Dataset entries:
=====

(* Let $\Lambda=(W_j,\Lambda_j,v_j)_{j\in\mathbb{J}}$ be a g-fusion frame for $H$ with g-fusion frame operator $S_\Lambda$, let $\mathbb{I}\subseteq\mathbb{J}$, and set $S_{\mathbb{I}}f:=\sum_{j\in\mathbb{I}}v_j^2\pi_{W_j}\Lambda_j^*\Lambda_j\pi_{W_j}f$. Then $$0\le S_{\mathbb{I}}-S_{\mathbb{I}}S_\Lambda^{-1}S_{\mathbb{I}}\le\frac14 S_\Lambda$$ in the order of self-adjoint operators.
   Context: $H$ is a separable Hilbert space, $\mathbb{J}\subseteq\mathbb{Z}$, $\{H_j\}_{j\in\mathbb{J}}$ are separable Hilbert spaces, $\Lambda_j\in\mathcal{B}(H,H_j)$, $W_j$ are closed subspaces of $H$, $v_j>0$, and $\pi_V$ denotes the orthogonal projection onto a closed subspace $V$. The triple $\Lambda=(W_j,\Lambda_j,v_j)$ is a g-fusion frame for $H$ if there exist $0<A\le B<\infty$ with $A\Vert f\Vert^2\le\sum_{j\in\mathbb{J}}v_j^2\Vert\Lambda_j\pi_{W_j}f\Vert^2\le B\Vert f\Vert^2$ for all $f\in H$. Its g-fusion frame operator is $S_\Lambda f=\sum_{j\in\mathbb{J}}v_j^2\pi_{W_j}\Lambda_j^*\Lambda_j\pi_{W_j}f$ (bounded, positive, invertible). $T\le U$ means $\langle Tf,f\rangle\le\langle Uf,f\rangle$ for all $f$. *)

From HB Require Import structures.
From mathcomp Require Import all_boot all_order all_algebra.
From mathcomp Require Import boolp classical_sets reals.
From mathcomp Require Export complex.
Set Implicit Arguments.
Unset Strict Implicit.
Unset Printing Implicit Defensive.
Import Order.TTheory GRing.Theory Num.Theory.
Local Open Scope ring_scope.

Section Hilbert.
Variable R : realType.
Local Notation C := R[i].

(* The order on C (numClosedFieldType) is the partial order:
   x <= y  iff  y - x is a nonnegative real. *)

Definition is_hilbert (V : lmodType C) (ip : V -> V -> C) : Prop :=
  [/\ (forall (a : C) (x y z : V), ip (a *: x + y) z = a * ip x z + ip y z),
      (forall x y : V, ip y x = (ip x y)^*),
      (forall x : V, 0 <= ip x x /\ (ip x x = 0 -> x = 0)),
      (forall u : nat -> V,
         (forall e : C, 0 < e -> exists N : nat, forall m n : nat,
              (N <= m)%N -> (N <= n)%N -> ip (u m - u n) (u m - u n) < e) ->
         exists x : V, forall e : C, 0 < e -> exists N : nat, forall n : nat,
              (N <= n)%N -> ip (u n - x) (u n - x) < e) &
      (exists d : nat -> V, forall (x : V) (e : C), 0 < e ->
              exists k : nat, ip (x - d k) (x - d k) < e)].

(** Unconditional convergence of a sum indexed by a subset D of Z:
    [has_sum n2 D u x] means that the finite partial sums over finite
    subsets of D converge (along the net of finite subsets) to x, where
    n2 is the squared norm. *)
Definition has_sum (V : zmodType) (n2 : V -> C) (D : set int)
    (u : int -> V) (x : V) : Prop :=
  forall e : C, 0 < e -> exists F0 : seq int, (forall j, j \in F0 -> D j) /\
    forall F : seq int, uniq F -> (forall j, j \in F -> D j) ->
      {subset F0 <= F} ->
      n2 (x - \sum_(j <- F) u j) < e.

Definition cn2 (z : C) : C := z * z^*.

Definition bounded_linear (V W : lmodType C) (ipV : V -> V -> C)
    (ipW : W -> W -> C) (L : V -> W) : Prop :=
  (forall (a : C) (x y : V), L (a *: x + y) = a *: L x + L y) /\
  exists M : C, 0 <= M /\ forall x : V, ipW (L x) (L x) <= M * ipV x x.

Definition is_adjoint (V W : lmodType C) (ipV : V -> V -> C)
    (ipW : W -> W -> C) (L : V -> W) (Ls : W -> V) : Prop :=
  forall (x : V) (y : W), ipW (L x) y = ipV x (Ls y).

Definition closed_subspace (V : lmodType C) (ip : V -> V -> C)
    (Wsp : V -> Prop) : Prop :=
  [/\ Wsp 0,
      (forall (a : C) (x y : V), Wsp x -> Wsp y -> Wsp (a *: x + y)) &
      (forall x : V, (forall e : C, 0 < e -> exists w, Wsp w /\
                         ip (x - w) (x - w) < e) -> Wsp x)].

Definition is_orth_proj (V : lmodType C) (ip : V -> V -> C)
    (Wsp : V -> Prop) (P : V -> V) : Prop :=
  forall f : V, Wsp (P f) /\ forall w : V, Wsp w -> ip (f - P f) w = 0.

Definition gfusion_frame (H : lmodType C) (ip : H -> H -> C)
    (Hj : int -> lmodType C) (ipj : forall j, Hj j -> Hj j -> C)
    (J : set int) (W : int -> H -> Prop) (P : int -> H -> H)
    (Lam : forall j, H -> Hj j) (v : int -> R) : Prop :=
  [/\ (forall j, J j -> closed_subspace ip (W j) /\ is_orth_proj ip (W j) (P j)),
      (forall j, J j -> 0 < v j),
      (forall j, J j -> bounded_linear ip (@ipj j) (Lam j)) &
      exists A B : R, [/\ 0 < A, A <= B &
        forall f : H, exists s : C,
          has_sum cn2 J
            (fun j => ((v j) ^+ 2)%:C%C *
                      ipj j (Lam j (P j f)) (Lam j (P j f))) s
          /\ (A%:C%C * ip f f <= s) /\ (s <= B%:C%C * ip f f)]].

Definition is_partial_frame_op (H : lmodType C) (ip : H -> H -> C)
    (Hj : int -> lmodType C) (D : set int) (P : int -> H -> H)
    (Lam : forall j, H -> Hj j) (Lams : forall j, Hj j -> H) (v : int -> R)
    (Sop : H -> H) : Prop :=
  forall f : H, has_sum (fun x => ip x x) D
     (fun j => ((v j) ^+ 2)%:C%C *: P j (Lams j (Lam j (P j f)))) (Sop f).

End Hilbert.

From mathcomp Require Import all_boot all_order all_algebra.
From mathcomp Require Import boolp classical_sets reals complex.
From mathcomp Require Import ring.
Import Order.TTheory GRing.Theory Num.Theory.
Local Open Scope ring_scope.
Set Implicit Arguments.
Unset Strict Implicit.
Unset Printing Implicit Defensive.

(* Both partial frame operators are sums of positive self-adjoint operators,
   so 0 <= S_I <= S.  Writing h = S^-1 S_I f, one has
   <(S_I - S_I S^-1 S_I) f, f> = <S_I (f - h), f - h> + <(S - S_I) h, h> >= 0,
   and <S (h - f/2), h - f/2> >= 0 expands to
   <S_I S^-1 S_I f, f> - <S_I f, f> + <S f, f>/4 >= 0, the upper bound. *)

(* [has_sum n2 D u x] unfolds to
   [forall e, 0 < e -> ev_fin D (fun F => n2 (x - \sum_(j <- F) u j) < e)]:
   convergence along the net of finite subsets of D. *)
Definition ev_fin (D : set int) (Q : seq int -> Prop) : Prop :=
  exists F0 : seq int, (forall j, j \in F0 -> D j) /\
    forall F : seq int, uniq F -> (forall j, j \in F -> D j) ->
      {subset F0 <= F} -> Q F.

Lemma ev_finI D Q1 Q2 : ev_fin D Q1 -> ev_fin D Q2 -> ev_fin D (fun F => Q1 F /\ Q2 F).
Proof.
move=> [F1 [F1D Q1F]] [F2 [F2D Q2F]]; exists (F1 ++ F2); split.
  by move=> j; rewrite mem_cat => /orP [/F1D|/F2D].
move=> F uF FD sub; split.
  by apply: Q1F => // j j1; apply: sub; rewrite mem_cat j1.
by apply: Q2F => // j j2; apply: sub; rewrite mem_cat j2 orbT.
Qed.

=====

## WHAT TO DO
Gather from the entries above all lines that include the string "Definition".

## RESPONSE FOR THIS EXERCISE
Definition is_hilbert (V : lmodType C) (ip : V -> V -> C) : Prop :=
Definition has_sum (V : zmodType) (n2 : V -> C) (D : set int)
Definition cn2 (z : C) : C := z * z^*.
Definition bounded_linear (V W : lmodType C) (ipV : V -> V -> C)
Definition is_adjoint (V W : lmodType C) (ipV : V -> V -> C)
Definition closed_subspace (V : lmodType C) (ip : V -> V -> C)
Definition is_orth_proj (V : lmodType C) (ip : V -> V -> C)
Definition gfusion_frame (H : lmodType C) (ip : H -> H -> C)
Definition is_partial_frame_op (H : lmodType C) (ip : H -> H -> C)
Definition ev_fin (D : set int) (Q : seq int -> Prop) : Prop :=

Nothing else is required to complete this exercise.